Lemma realizeP (i : index) : admissible (realize i) /\ proj1_sig i = code_of (realize i).
Proof. exact: projT2 (cid (proj2_sig i)). Qed.

Lemma code_of_hom {r1 r2 : realization} :
  injective (r_code r1) -> injective (r_code r2) -> code_of r1 = code_of r2 ->
  exists h : r_alg r1 -> r_alg r2,
    [/\ continuous h, is_hom h & h \o r_map r1 = r_map r2].
Proof.
move=> inj1 inj2 [Er Eo Eop Emap].
have code_in_range2 t : exists t2, r_code r2 t2 = r_code r1 t.
  have : range (r_code r2) (r_code r1 t) by rewrite -Er; exists t.
  by case=> t2 _ <-; exists t2.
have [h eh] := choice code_in_range2.
exists h; split.
- apply/continuousP => U oU.
  have : [set r_code r2 @` V | V in [set V | open V]] (r_code r2 @` U) by exists U.
  rewrite -Eo => -[U1 oU1 eU]; suff -> : h @^-1` U = U1 by [].
  apply/seteqP; split => t /=.
    move=> Uht; have : (r_code r2 @` U) (r_code r1 t) by exists (h t); rewrite ?eh.
    by rewrite -eU => -[t' U1t' /inj1 <-].
  move=> U1t; have : (r_code r1 @` U1) (r_code r2 (h t)) by rewrite eh; exists t.
  by rewrite eU => -[t2 Ut2 /inj2 <-].
- move=> n w a.
  have /= := congr1 (fun F => F n w (r_code r1 \o a) (r_code r1 (op (r_alg r1) w a))) Eop.
  rewrite propeqE => -[/(_ (ex_intro _ a (conj erefl erefl))) [a' [ea' eop]] _].
  have ha : h \o a = a'.
    by apply: funext => i; apply: inj2; rewrite /= eh; exact: (congr1 (@^~ i) ea').
  by apply: inj2; rewrite eh eop ha.
- by apply: funext => x; apply: inj2; rewrite /= eh; exact: (congr1 (@^~ x) Emap).
Qed.

Definition free_prod : topAlg Omega := prod_alg (fun i : index => r_alg (realize i)).

Lemma Stone_free_prod : Stone_algebra free_prod.
Proof.
by apply: Stone_prod_alg => i; have [[Si _ _] _] := realizeP i; exact (pv_Stone HS Si).
Qed.

Definition free_alg : topAlg Omega :=
  topgen_alg Stone_free_prod.1 (prod_map (fun i => r_map (realize i))).

Definition free_map : X -> free_alg := topgen_map _ _.

Lemma Stone_free_alg : Stone_algebra free_alg.
Proof. exact: Stone_subAlg Stone_free_prod (@closed_closure _ _). Qed.

Lemma continuous_free_map : continuous free_map.
Proof.
apply: continuous_topgen_map; apply: continuous_prod_map => i.
by have [[_ ci _] _] := realizeP i.
Qed.

Lemma residually_free_alg : residually S free_alg.
Proof.
move=> x y xy.
have [i ni] : exists i, set_val x i <> set_val y i.
  apply: contrapT => same; apply/xy/val_inj/functional_extensionality_dep => i.
  by apply: contrapT => ne; apply: same; exists i.
exists (r_alg (realize i)), (fun p : free_alg => set_val p i); split.
  by have [[Si _ _] _] := realizeP i.
split; first exact: comp_continuous set_val_continuous (continuous_proj _ i).
by split; first exact: is_hom_comp is_hom_set_val (is_hom_proj i).
Qed.

Lemma free_map_universal {T : topAlg Omega} {phi : X -> T} :
  S T -> continuous phi ->
  exists g : free_alg -> T, [/\ continuous g, is_hom g & g \o free_map = phi].
Proof.
move=> ST cphi; have [tT _] := pv_Stone HS ST.
pose Tgen := topgen_alg tT phi.
have [_ /Stone_spaceP [_ hTgen zTgen]] : Stone_algebra Tgen.
  exact: Stone_subAlg (pv_Stone HS ST) (@closed_closure _ _).
pose r := @Realization Tgen (topgen_map tT phi)
  (fun t : Tgen => [set D | closure (term_eval (topgen_map tT phi) @` D) t]).
have adm : admissible r.
  split; first exact (pv_subAlg HS ST (@closed_closure _ _)).
    exact: continuous_topgen_map.
  exact (term_code_inj (generating_topgen_map tT phi) hTgen zTgen).
pose i : index := exist _ (code_of r) (ex_intro _ r (conj adm erefl)).
have [[_ _ inj_i] code_i] := realizeP i.
have [_ _ inj_r] := adm.
have [h [ch hh eh]] := code_of_hom inj_i inj_r (esym code_i).
exists (set_val \o h \o (fun p : free_alg => set_val p i)); split.
- exact: comp_continuous (comp_continuous set_val_continuous (continuous_proj _ i))
    (comp_continuous ch set_val_continuous).
- exact: is_hom_comp (is_hom_comp is_hom_set_val (is_hom_proj i))
    (is_hom_comp hh is_hom_set_val).
- by apply: funext => x; exact: (congr1 (fun f => set_val (f x)) eh).
Qed.

Lemma free_Stone_exists : exists (A : topAlg Omega) (iota : X -> A), S_free_Stone S iota.
Proof.
exists free_alg, free_map; split.
- exact: Stone_free_alg.
- exact: continuous_free_map.
- exact: generating_topgen_map.
- exact: residually_free_alg.
move=> T phi ST cphi; have [g [cg hg eg]] := free_map_universal ST cphi.
exists g; split => // g' [cg' [hg' eg']].
apply: generating_hom_eq (generating_topgen_map _ _) (pv_hausdorff HS ST) cg cg' hg hg' _.
by rewrite eg eg'.
Qed.

End FreeConstruction.

Theorem proposition4p5 (Omega : tsignature) (S : topAlg Omega -> Prop)
  (X : topologicalType) :
  Stone_pseudovariety S ->
  (exists (A : topAlg Omega) (iota : X -> A), S_free_Stone S iota) /\
  (forall (A1 A2 : topAlg Omega) (iota1 : X -> A1) (iota2 : X -> A2),
     S_free_Stone S iota1 -> S_free_Stone S iota2 ->
     exists (psi : A1 -> A2) (psi' : A2 -> A1),
       continuous psi /\ continuous psi' /\ is_hom psi /\ is_hom psi' /\
       cancel psi psi' /\ cancel psi' psi /\ psi \o iota1 = iota2).
Proof.
move=> HS; split; first exact: free_Stone_exists.
by move=> A1 A2 iota1 iota2; exact: free_Stone_iso.
Qed.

☆ ☆ ☆ ☆ ☆

§ Problem requirements: The required output is every line above from the one with "by case=> t2 _ <-; exists t2." down to the one with "have [i ni]", restated word for word, ends included.

§ Solution to the problem:
  by case=> t2 _ <-; exists t2.
have [h eh] := choice code_in_range2.
exists h; split.
- apply/continuousP => U oU.
  have : [set r_code r2 @` V | V in [set V | open V]] (r_code r2 @` U) by exists U.
  rewrite -Eo => -[U1 oU1 eU]; suff -> : h @^-1` U = U1 by [].
  apply/seteqP; split => t /=.
    move=> Uht; have : (r_code r2 @` U) (r_code r1 t) by exists (h t); rewrite ?eh.
    by rewrite -eU => -[t' U1t' /inj1 <-].
  move=> U1t; have : (r_code r1 @` U1) (r_code r2 (h t)) by rewrite eh; exists t.
  by rewrite eU => -[t2 Ut2 /inj2 <-].
- move=> n w a.
  have /= := congr1 (fun F => F n w (r_code r1 \o a) (r_code r1 (op (r_alg r1) w a))) Eop.
  rewrite propeqE => -[/(_ (ex_intro _ a (conj erefl erefl))) [a' [ea' eop]] _].
  have ha : h \o a = a'.
    by apply: funext => i; apply: inj2; rewrite /= eh; exact: (congr1 (@^~ i) ea').
  by apply: inj2; rewrite eh eop ha.
- by apply: funext => x; apply: inj2; rewrite /= eh; exact: (congr1 (@^~ x) Emap).
Qed.

Definition free_prod : topAlg Omega := prod_alg (fun i : index => r_alg (realize i)).

Lemma Stone_free_prod : Stone_algebra free_prod.
Proof.
by apply: Stone_prod_alg => i; have [[Si _ _] _] := realizeP i; exact (pv_Stone HS Si).
Qed.

Definition free_alg : topAlg Omega :=
  topgen_alg Stone_free_prod.1 (prod_map (fun i => r_map (realize i))).

Definition free_map : X -> free_alg := topgen_map _ _.

Lemma Stone_free_alg : Stone_algebra free_alg.
Proof. exact: Stone_subAlg Stone_free_prod (@closed_closure _ _). Qed.

Lemma continuous_free_map : continuous free_map.
Proof.
apply: continuous_topgen_map; apply: continuous_prod_map => i.
by have [[_ ci _] _] := realizeP i.
Qed.

Lemma residually_free_alg : residually S free_alg.
Proof.
move=> x y xy.
have [i ni] : exists i, set_val x i <> set_val y i.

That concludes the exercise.